Reactions: Like 5 | Way Cool 2


----------



## manbuckwal (Apr 23, 2014)

Whomever gets the smallest bird does the cooking  ?

Reactions: Agree 2 | Funny 1


----------



## woodtickgreg (Apr 23, 2014)

Wrong! The guy in this pic does all the cooking because he's awesome at it! Scott is a great cook, feeds me to good when I'm there visiting.

Reactions: Like 1


----------



## SENC (Apr 23, 2014)

Those boys are gonna clean out YOUR honey hole! When you gonna tell them to get their own?

Reactions: Agree 1


----------



## davduckman2010 (Apr 23, 2014)

lol im going to let them boys burn up there 2 tags and then im going to the good spot where the begins are the other honey hole they don't know about them boys are hunting and fishing fools  there slaming walleyes / yellow perch and crappies this last week when there not killin birds. eatings been good lately  just pulled that young bird out the smoker a couple minutes ago . emmmmmm emmmmmmmmmmm time too chow

Reactions: Like 3 | EyeCandy! 3 | Way Cool 2


----------



## Mike1950 (Apr 23, 2014)

Plumbers can't take friday off- remember the plumber rules- sh!t goes downhill and payday is friday!!!!!!!!!!!

Reactions: Like 1 | Funny 5


----------



## davduckman2010 (Apr 23, 2014)

Mike1950 said:


> Plumbers can't take friday off- remeber the plumber rules- sh!t goes downhill and payday is friday!!!!!!!!!!!


 paydays on wensday and im the boss lol

Reactions: Like 4 | Funny 3


----------



## brown down (Apr 24, 2014)

Mike1950 said:


> Plumbers can't take friday off- remeber the plumber rules- sh!t goes downhill and payday is friday!!!!!!!!!!!

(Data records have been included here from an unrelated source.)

Lemma representative_norm z q : (forall v, a z v = b v q) ->
  alpha * `|z| <= `|nb| * `|q|.
Proof.
move=> z_rep; have [->|z_neq0] := eqVneq z 0; first by rewrite normr0 mulr0 mulr_ge0.
rewrite -(ler_pM2r (_ : 0 < `|z|)) ?normr_gt0 // -mulrA -expr2 mulrAC.
apply: le_trans (a_coercive z) _; rewrite z_rep.
exact: le_trans (ler_norm _) (b_bound_abs z q).
Qed.

Lemma representative_infsup z q : (forall v, a z v = b v q) ->
  beta ^+ 2 * `|q| ^+ 2 <= na * a z z.
Proof.
move=> z_rep; have zz_ge0 : 0 <= a z z := form_ge0 alpha_gt0 a_coercive z.
have nazz_ge0 : 0 <= na * a z z by rewrite mulr_ge0 // ltW.
have [->|q_neq0] := eqVneq q 0; first by rewrite normr0 expr0n /= mulr0.
have k_ge0 : 0 <= Num.sqrt (na * a z z) := sqrtr_ge0 _.
have bq_ge0 : 0 <= beta * `|q| by rewrite mulr_ge0 // ltW.
rewrite -exprMn -(sqr_sqrtr nazz_ge0) ler_pXn2r ?nnegrE //.
apply: infsup_le q_neq0 k_ge0 _ (infsup q_neq0) => v _; rewrite -z_rep.
apply: ler_of_sqr; first by rewrite mulr_ge0.
rewrite exprMn sqr_sqrtr // -mulrA.
apply: le_trans (form_CauchySchwarz ha a_sym alpha_gt0 a_coercive z v) _.
by rewrite mulrCA ler_wpM2l //; exact: form_diag_le a_bound v.
Qed.

Let na_ge0 : 0 <= na := ltW na_gt0.

Let riesz q := xget 0 [set z : V | forall v, a z v = b v q].

Let riesz_spec q v : a (riesz q) v = b v q.
Proof.
have C_ge0 : 0 <= `|nb| * `|q| by rewrite mulr_ge0.
have b_q_bound x : `|b x q| <= `|nb| * `|q| * `|x| by rewrite mulrAC b_bound_abs.
apply: (xgetPex 0 (lax_milgram ha a_sym alpha_gt0 a_coercive na_ge0 a_bound (b_lin q)
  C_ge0 b_q_bound)).
Qed.

Let riesz_lin r x y : riesz (r *: x + y) = r *: riesz x + riesz y.
Proof.
apply: (form_inj ha alpha_gt0 a_coercive) => v.
by rewrite riesz_spec (bilinDl ha) (bilinZl ha) !riesz_spec; case: hb => _ ->.
Qed.

Let KP v : kerB b (P v).
Proof. by case: (hP v). Qed.

Lemma riesz_multiplier : exists q0, forall q, a (riesz q0) (riesz q) = g q.
Proof.
pose d q1 q2 := a (riesz q1) (riesz q2).
have hd : is_bilinear d.
  split=> r x y z; rewrite /d riesz_lin.
    by rewrite (bilinDl ha) (bilinZl ha).
  by rewrite (bilinDr ha) (bilinZr ha).
have coef_gt0 : 0 < beta ^+ 2 / na by rewrite divr_gt0 ?exprn_gt0.
have d_coercive q : beta ^+ 2 / na * `|q| ^+ 2 <= d q q.
  rewrite mulrAC ler_pdivrMr // [leRHS]mulrC.
  exact: representative_infsup (riesz_spec q).
have riesz_le q : `|riesz q| <= `|nb| / alpha * `|q|.
  by rewrite mulrAC ler_pdivlMr // mulrC; exact: representative_norm (riesz_spec q).
have M_ge0 : 0 <= na * (`|nb| / alpha) ^+ 2 by rewrite mulr_ge0 ?sqr_ge0.
have d_bound x y : `|d x y| <= na * (`|nb| / alpha) ^+ 2 * `|x| * `|y|.
  apply: le_trans (a_bound _ _) _.
  have -> : na * (`|nb| / alpha) ^+ 2 * `|x| * `|y|
          = na * ((`|nb| / alpha * `|x|) * (`|nb| / alpha * `|y|)) by ring.
  rewrite -mulrA ler_wpM2l //.
  exact: ler_pM (normr_ge0 _) (normr_ge0 _) (riesz_le x) (riesz_le y).
have uC_ge0 : 0 <= `|nb| * `|u| by rewrite mulr_ge0.
exact: lax_milgram hd (fun x y => a_sym _ _) coef_gt0 d_coercive M_ge0 d_bound g_lin
  uC_ge0 g_bound.
Qed.
(* For every real $x\notin\mathbb Z$, $$\csc^2(\pi x)+|\cot(\pi x)\csc(\pi x)|\leqslant \tfrac14\|x\|^{-2}$$ and $$|\cot(\pi x)\csc(\pi x)|\leqslant \pi^{-2}\|x\|^{-2}.$$
   Context: For real $\theta$, $\|\theta\|=\min_{n\in\mathbb Z}|\theta-n|$ denotes the distance from $\theta$ to the nearest integer. *)

From Stdlib Require Import Reals.
Open Scope R_scope.

(* ||x|| = min_{n in Z} |x - n|, the distance from x to the nearest integer.
   Here up x is the least integer strictly greater than x, so up x - 1 = floor x;
   the nearest integer is either floor x or floor x + 1. *)
Definition dist_Z (x : R) : R :=
  Rmin (x - IZR (up x - 1)) (IZR (up x) - x).

Definition csc (x : R) : R := / sin x.
Definition cot (x : R) : R := cos x / sin x.

(* Let [t = dist_Z x], so [0 < t <= 1/2]. Since [cos (2 PI x) = cos (2 PI t)], we have
   [sin (PI x)^2 = sin (PI t)^2] and [|cos (PI x)| = cos (PI t)], so the two left-hand sides
   are [(1 + cos (PI t)) / sin (PI t)^2 = 1 / (1 - cos (PI t))] and [cos (PI t) / sin (PI t)^2].
   The claims thus reduce to [4 t^2 <= 1 - cos (PI t)] and [u^2 cos u <= sin u^2] for
   [u = PI t] in [(0, PI/2]], which follow from the low-order Taylor bounds on [sin] and [cos]
   together with [3 <= PI <= 3.2]. *)

From Stdlib Require Import Reals Lra Lia Psatz ZArith.
Open Scope R_scope.

Lemma cos_le_taylor4 a : - PI / 2 <= a <= PI / 2 -> cos a <= 1 - a ^ 2 / 2 + a ^ 4 / 24.
Proof.
  intros [ha hb].
  replace (1 - a ^ 2 / 2 + a ^ 4 / 24) with (cos_approx a 2)
    by (unfold cos_approx, cos_term; simpl; field).
  exact (proj2 (cos_bound a 0 ha hb)).
Qed.

Lemma sin_ge_taylor3 a : 0 <= a <= PI -> a - a ^ 3 / 6 <= sin a.
Proof.
  intros [ha hb].
  replace (a - a ^ 3 / 6) with (sin_approx a 1)
    by (unfold sin_approx, sin_term; simpl; field).
  exact (proj1 (sin_bound a 0 ha hb)).
Qed.

(* Otherwise [1.6 < PI / 2], and then the Taylor bound makes [cos 1.6] negative. *)
Lemma PI_le_3_2 : PI <= 3.2.
Proof.
  destruct (Rle_lt_dec PI 3.2) as [h | h]; [exact h | exfalso].
  assert (cos_pos : 0 < cos 1.6) by (apply cos_gt_0; lra).
  assert (cos_bnd := cos_le_taylor4 1.6 ltac:(lra)).
  lra.
Qed.

Lemma sqr_mul_cos_le_sin_sqr u : 0 <= u <= PI / 2 -> u ^ 2 * cos u <= sin u ^ 2.
Proof.
  intros [h0 h1]. pose proof PI_4.
  assert (hc := cos_le_taylor4 u ltac:(lra)).
  assert (hs := sin_ge_taylor3 u ltac:(lra)).
  assert (u_sqr_le : u * u <= 4) by nra.
  assert (taylor_pos : 0 <= u - u ^ 3 / 6) by nra.
  assert ((u - u ^ 3 / 6) ^ 2 <= sin u ^ 2) by (apply pow_incr; lra).
  (* [(u - u^3/6)^2 - u^2 (1 - u^2/2 + u^4/24) = u^4 (12 - u^2) / 72] *)
  assert (u ^ 2 * cos u <= u ^ 2 * (1 - u ^ 2 / 2 + u ^ 4 / 24))
    by (apply Rmult_le_compat_l; nra).
  nra.
Qed.

Lemma four_sqr_le_one_sub_cos_PI t : 0 <= t <= 1 / 2 -> 4 * t ^ 2 <= 1 - cos (PI * t).
Proof.
  intros [h0 h1]. pose proof PI_le_3_2. pose proof PI2_3_2.
  destruct (Rle_lt_dec t 0.3) as [small | large].
  - assert (hc := cos_le_taylor4 (PI * t) ltac:(nra)).
    assert (PI ^ 2 * t ^ 2 <= 3.2 ^ 2 * 0.09) by
      (apply Rmult_le_compat; try nra; apply pow_le; lra).
    assert (0 <= t ^ 2 * (PI ^ 2 / 2 - PI ^ 2 * (PI ^ 2 * t ^ 2) / 24 - 4))
      by (apply Rmult_le_pos; nra).
    nra.
  - (* Near [1/2] use [cos (PI t) = sin (PI (1/2 - t)) <= PI (1/2 - t)] instead. *)
    set (y := 1 / 2 - t).
    replace (PI * t) with (PI / 2 - PI * y) by (unfold y; field).
    rewrite cos_shift.
    replace t with (1 / 2 - y) by (unfold y; ring).
    assert (sin_le : sin (PI * y) <= PI * y).
    { destruct (Req_dec y 0) as [e | e].
      - rewrite e, Rmult_0_r, sin_0. lra.
      - left. apply sin_lt_x. unfold y in *. nra. }
    unfold y in *. nra.
Qed.

Lemma cos_period_Z x k : cos (x + 2 * IZR k * PI) = cos x.
Proof.
  destruct (Z.le_ge_cases 0 k) as [hk | hk].
  - rewrite <- (Z2Nat.id k hk), <- INR_IZR_INZ. apply cos_period.
  - replace k with (- Z.of_nat (Z.to_nat (- k)))%Z by lia.
    rewrite opp_IZR, <- INR_IZR_INZ.
    rewrite <- (cos_period (x + 2 * - INR (Z.to_nat (- k)) * PI) (Z.to_nat (- k))).
    f_equal. ring.
Qed.

Lemma dist_Z_frac x :
  0 <= x - IZR (up x - 1) < 1 /\
  dist_Z x = Rmin (x - IZR (up x - 1)) (1 - (x - IZR (up x - 1))).
Proof.
  destruct (archimed x) as [gt le]. rewrite minus_IZR.
  unfold dist_Z. rewrite minus_IZR.
  split; [lra | f_equal; ring].
Qed.

Lemma dist_Z_le_half x : dist_Z x <= 1 / 2.
Proof.
  destruct (dist_Z_frac x) as [_ ->]. unfold Rmin. destruct Rle_dec; lra.
Qed.

Lemma dist_Z_pos x : (forall n : Z, x <> IZR n) -> 0 < dist_Z x.
Proof.
  intros not_int. destruct (dist_Z_frac x) as [[f0 f1] ->].
  assert (x - IZR (up x - 1) <> 0) by (intro e; apply (not_int (up x - 1)%Z); lra).
  unfold Rmin. destruct Rle_dec; lra.
Qed.

Lemma cos_2PI_dist_Z x : cos (2 * (PI * x)) = cos (2 * (PI * dist_Z x)).
Proof.
  destruct (dist_Z_frac x) as [_ ->].
  set (f := x - IZR (up x - 1)).
  replace (2 * (PI * x)) with (2 * (PI * f) + 2 * IZR (up x - 1) * PI)
    by (unfold f; ring).
  rewrite cos_period_Z. unfold Rmin. destruct Rle_dec; [reflexivity |].
  replace (2 * (PI * f)) with (- (2 * (PI * (1 - f))) + 2 * INR 1 * PI) by (simpl; ring).
  rewrite cos_period, cos_neg. reflexivity.
Qed.

Lemma sin_sqr_eq_of_cos_double a b : cos (2 * a) = cos (2 * b) -> sin a ^ 2 = sin b ^ 2.
Proof. rewrite !cos_2a_sin. intros e. nra. Qed.

Lemma Rabs_cos_eq_of_cos_double a b : cos (2 * a) = cos (2 * b) -> Rabs (cos a) = Rabs (cos b).
Proof. rewrite !cos_2a_cos. intros e. apply Rsqr_eq_abs_0. unfold Rsqr. nra. Qed.

Lemma one_add_cos_div_sin_sqr_PI_le t :
  0 < t <= 1 / 2 -> (1 + cos (PI * t)) / sin (PI * t) ^ 2 <= / 4 * / t ^ 2.
Proof.
  intros [t0 t1]. pose proof PI2_3_2.
  assert (key := four_sqr_le_one_sub_cos_PI t ltac:(lra)).
  assert (pyth := sin2_cos2 (PI * t)). unfold Rsqr in pyth.
  assert (cos_lt_1 : cos (PI * t) < 1) by nra.
  replace ((1 + cos (PI * t)) / sin (PI * t) ^ 2) with (/ (1 - cos (PI * t))).
  - rewrite <- Rinv_mult. apply Rinv_le_contravar; nra.
  - assert (0 < sin (PI * t)) by (apply sin_gt_0; nra).
    assert (0 <= 1 + cos (PI * t)) by (pose proof COS_bound (PI * t); lra).
    field_simplify_eq; [nra | lra].
Qed.

Lemma cos_div_sin_sqr_PI_le t :
  0 < t <= 1 / 2 -> cos (PI * t) / sin (PI * t) ^ 2 <= / PI ^ 2 * / t ^ 2.
Proof.
  intros [t0 t1]. pose proof PI2_3_2.
  assert (key := sqr_mul_cos_le_sin_sqr (PI * t) ltac:(split; nra)).
  assert (0 < sin (PI * t)) by (apply sin_gt_0; nra).
  rewrite <- Rinv_mult, <- Rpow_mult_distr.
  set (u := PI * t) in *.
  assert (u_pos : 0 < u) by (unfold u; nra).
  apply Rmult_le_reg_r with (u ^ 2 * sin u ^ 2).
  { apply Rmult_lt_0_compat; apply pow_lt; lra. }
  replace (cos u / sin u ^ 2 * (u ^ 2 * sin u ^ 2)) with (u ^ 2 * cos u) by (field; lra).
  replace (/ u ^ 2 * (u ^ 2 * sin u ^ 2)) with (sin u ^ 2) by (field; lra).
  exact key.
Qed.

Lemma Rabs_cot_mul_csc y :
  sin y <> 0 -> Rabs (cot y * csc y) = Rabs (cos y) / sin y ^ 2.
Proof.
  intros sin_nz. unfold cot, csc.
  replace (cos y / sin y * / sin y) with (cos y / sin y ^ 2) by (field; exact sin_nz).
  unfold Rdiv. rewrite Rabs_mult, (Rabs_pos_eq (/ _)); [reflexivity |].
  left. apply Rinv_0_lt_compat. simpl. rewrite Rmult_1_r.
  destruct (Rdichotomy _ _ sin_nz); nra.
Qed.

Theorem lemma1 : forall x : R, (forall n : Z, x <> IZR n) ->
  (csc (PI * x))^2 + Rabs (cot (PI * x) * csc (PI * x)) <= / 4 * / (dist_Z x)^2 /\
  Rabs (cot (PI * x) * csc (PI * x)) <= / (PI^2) * / (dist_Z x)^2.
Proof.
  intros x not_int.
  assert (t_bounds : 0 < dist_Z x <= 1 / 2) by exact (conj (dist_Z_pos x not_int) (dist_Z_le_half x)).
  assert (double := cos_2PI_dist_Z x).
  set (t := dist_Z x) in *.
  pose proof PI2_3_2.
  assert (sin_pos : 0 < sin (PI * t)) by (apply sin_gt_0; nra).
  assert (cos_nonneg : 0 <= cos (PI * t)) by (apply cos_ge_0; nra).
  assert (sin_sqr := sin_sqr_eq_of_cos_double _ _ double).
  assert (sin_nz : sin (PI * x) <> 0) by (intro e; rewrite e in sin_sqr; nra).
  unfold csc at 1.
  rewrite pow_inv, Rabs_cot_mul_csc, sin_sqr, (Rabs_cos_eq_of_cos_double _ _ double),
    Rabs_pos_eq by assumption.
  split.
  - replace (/ sin (PI * t) ^ 2 + cos (PI * t) / sin (PI * t) ^ 2)
      with ((1 + cos (PI * t)) / sin (PI * t) ^ 2) by (field; lra).
    exact (one_add_cos_div_sin_sqr_PI_le t t_bounds).
  - exact (cos_div_sin_sqr_PI_le t t_bounds).
Qed.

and don't bite your finger nails lol 

good deal Dave, nice bird!!! birds here have been gobbling for about a month. I think my state has always been a month late, which makes it that much more of challenge.

Reactions: Funny 1


----------



## longbeard (Apr 24, 2014)

Them boys are hammering the birds Duck.

I still think you should send that call to me 
I don't think it would work on WV birds though ( reverse psychology ) 



Harry (  ) M


----------